**What you will do:** Only lines that contain the word "exact" are to be returned from the data below.

** Data supplied follows **

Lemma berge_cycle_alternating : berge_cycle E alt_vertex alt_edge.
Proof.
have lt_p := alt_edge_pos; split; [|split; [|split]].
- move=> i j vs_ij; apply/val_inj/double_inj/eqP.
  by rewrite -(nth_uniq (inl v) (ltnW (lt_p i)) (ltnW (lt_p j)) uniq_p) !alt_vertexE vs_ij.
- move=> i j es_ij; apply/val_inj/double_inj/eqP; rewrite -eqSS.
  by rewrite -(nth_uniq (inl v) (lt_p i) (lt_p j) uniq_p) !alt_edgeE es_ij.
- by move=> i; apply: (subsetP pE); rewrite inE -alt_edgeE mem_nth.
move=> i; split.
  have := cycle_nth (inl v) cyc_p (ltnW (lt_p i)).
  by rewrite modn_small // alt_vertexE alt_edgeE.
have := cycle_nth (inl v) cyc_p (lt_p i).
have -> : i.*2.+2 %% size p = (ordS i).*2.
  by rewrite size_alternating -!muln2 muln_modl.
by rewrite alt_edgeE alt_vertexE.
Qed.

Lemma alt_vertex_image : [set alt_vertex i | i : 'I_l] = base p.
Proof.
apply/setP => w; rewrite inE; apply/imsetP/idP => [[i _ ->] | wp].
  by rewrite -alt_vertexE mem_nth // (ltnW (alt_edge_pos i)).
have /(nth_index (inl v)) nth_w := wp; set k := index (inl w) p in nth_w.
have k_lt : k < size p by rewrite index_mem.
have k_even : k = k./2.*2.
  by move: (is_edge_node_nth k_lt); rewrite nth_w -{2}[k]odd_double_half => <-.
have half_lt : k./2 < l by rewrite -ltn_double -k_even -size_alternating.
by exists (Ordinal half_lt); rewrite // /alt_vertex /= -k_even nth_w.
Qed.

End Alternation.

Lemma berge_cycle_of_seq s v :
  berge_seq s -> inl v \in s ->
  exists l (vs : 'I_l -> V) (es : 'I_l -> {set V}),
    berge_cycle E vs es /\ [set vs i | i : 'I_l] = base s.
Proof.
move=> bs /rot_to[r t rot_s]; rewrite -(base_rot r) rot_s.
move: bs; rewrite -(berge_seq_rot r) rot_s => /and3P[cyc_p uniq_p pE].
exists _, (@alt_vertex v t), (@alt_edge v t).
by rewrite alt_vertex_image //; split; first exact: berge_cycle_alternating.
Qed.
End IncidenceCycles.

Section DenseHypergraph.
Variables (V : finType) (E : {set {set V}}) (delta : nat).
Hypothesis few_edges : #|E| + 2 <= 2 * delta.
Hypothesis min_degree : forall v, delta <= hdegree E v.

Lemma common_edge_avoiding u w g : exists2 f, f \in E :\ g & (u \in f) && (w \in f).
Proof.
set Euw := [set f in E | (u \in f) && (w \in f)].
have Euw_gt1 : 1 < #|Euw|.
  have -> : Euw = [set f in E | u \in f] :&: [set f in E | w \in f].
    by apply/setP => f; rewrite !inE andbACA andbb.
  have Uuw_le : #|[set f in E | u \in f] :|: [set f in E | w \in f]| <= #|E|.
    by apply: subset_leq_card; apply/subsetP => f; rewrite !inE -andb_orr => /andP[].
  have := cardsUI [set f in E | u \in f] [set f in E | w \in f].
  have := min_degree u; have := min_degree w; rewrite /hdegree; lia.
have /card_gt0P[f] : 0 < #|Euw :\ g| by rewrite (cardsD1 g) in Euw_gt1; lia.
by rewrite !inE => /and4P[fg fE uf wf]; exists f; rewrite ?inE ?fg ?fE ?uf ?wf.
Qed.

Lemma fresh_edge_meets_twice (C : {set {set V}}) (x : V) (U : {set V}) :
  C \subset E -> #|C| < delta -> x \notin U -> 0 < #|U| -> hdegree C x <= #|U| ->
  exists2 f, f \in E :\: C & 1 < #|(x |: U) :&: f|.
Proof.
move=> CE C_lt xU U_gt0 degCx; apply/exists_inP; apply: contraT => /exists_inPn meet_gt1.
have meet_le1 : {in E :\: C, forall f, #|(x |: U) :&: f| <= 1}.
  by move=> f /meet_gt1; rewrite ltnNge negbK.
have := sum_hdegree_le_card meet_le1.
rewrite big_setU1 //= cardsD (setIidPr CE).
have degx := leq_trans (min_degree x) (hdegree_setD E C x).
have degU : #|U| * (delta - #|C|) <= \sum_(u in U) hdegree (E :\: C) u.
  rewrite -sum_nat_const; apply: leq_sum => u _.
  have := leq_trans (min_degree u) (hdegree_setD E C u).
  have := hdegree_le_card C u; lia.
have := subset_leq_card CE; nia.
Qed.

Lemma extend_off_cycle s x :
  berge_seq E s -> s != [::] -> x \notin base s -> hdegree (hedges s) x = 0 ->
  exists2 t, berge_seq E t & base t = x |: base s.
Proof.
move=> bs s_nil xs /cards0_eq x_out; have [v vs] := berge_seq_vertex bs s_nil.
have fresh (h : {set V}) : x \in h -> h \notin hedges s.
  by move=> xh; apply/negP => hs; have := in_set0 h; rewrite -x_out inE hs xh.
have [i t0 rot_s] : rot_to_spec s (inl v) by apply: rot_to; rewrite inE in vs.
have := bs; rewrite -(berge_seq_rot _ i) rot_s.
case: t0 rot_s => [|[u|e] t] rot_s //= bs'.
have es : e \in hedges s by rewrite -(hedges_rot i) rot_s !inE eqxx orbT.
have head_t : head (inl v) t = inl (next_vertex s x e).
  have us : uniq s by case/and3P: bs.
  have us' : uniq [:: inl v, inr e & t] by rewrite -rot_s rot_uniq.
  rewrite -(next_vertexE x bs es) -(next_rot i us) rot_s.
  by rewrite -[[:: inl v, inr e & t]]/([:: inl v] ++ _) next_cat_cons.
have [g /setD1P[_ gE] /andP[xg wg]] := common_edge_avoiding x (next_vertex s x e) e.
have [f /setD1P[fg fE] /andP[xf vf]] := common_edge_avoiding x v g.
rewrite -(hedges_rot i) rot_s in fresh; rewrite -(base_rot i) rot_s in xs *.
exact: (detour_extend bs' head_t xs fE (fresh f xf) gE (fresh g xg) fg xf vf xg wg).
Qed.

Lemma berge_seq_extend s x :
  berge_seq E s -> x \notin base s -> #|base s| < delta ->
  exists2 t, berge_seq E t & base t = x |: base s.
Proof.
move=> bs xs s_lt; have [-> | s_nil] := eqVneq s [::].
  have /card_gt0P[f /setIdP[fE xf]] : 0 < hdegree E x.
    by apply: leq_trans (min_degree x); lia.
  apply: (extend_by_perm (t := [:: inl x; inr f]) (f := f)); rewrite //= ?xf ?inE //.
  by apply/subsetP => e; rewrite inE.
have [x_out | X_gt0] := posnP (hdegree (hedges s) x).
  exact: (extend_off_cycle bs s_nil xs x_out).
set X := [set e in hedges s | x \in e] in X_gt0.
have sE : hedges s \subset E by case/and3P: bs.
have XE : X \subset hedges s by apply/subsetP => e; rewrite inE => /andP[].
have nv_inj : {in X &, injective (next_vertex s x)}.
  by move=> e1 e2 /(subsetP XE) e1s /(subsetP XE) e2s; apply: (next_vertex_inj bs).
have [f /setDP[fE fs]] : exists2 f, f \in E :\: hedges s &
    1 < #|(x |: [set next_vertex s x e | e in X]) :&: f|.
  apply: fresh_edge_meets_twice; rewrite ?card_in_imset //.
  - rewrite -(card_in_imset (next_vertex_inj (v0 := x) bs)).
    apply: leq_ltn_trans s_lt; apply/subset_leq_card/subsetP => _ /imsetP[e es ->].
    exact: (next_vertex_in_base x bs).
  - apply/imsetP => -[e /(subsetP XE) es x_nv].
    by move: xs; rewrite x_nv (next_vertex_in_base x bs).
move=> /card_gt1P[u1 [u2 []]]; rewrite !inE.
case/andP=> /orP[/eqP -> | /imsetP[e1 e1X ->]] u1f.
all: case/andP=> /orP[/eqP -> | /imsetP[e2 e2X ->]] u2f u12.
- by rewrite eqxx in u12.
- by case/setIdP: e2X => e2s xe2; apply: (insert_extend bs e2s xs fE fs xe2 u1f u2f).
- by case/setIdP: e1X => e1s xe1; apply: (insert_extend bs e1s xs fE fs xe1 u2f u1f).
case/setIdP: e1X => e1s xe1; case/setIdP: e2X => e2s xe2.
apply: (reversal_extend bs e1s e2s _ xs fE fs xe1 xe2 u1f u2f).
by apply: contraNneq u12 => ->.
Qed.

** End of Data supplied **

**Output below:**
by rewrite alt_vertex_image //; split; first exact: berge_cycle_alternating.
exact: (detour_extend bs' head_t xs fE (fresh f xf) gE (fresh g xg) fg xf vf xg wg).
  exact: (extend_off_cycle bs s_nil xs x_out).
    exact: (next_vertex_in_base x bs).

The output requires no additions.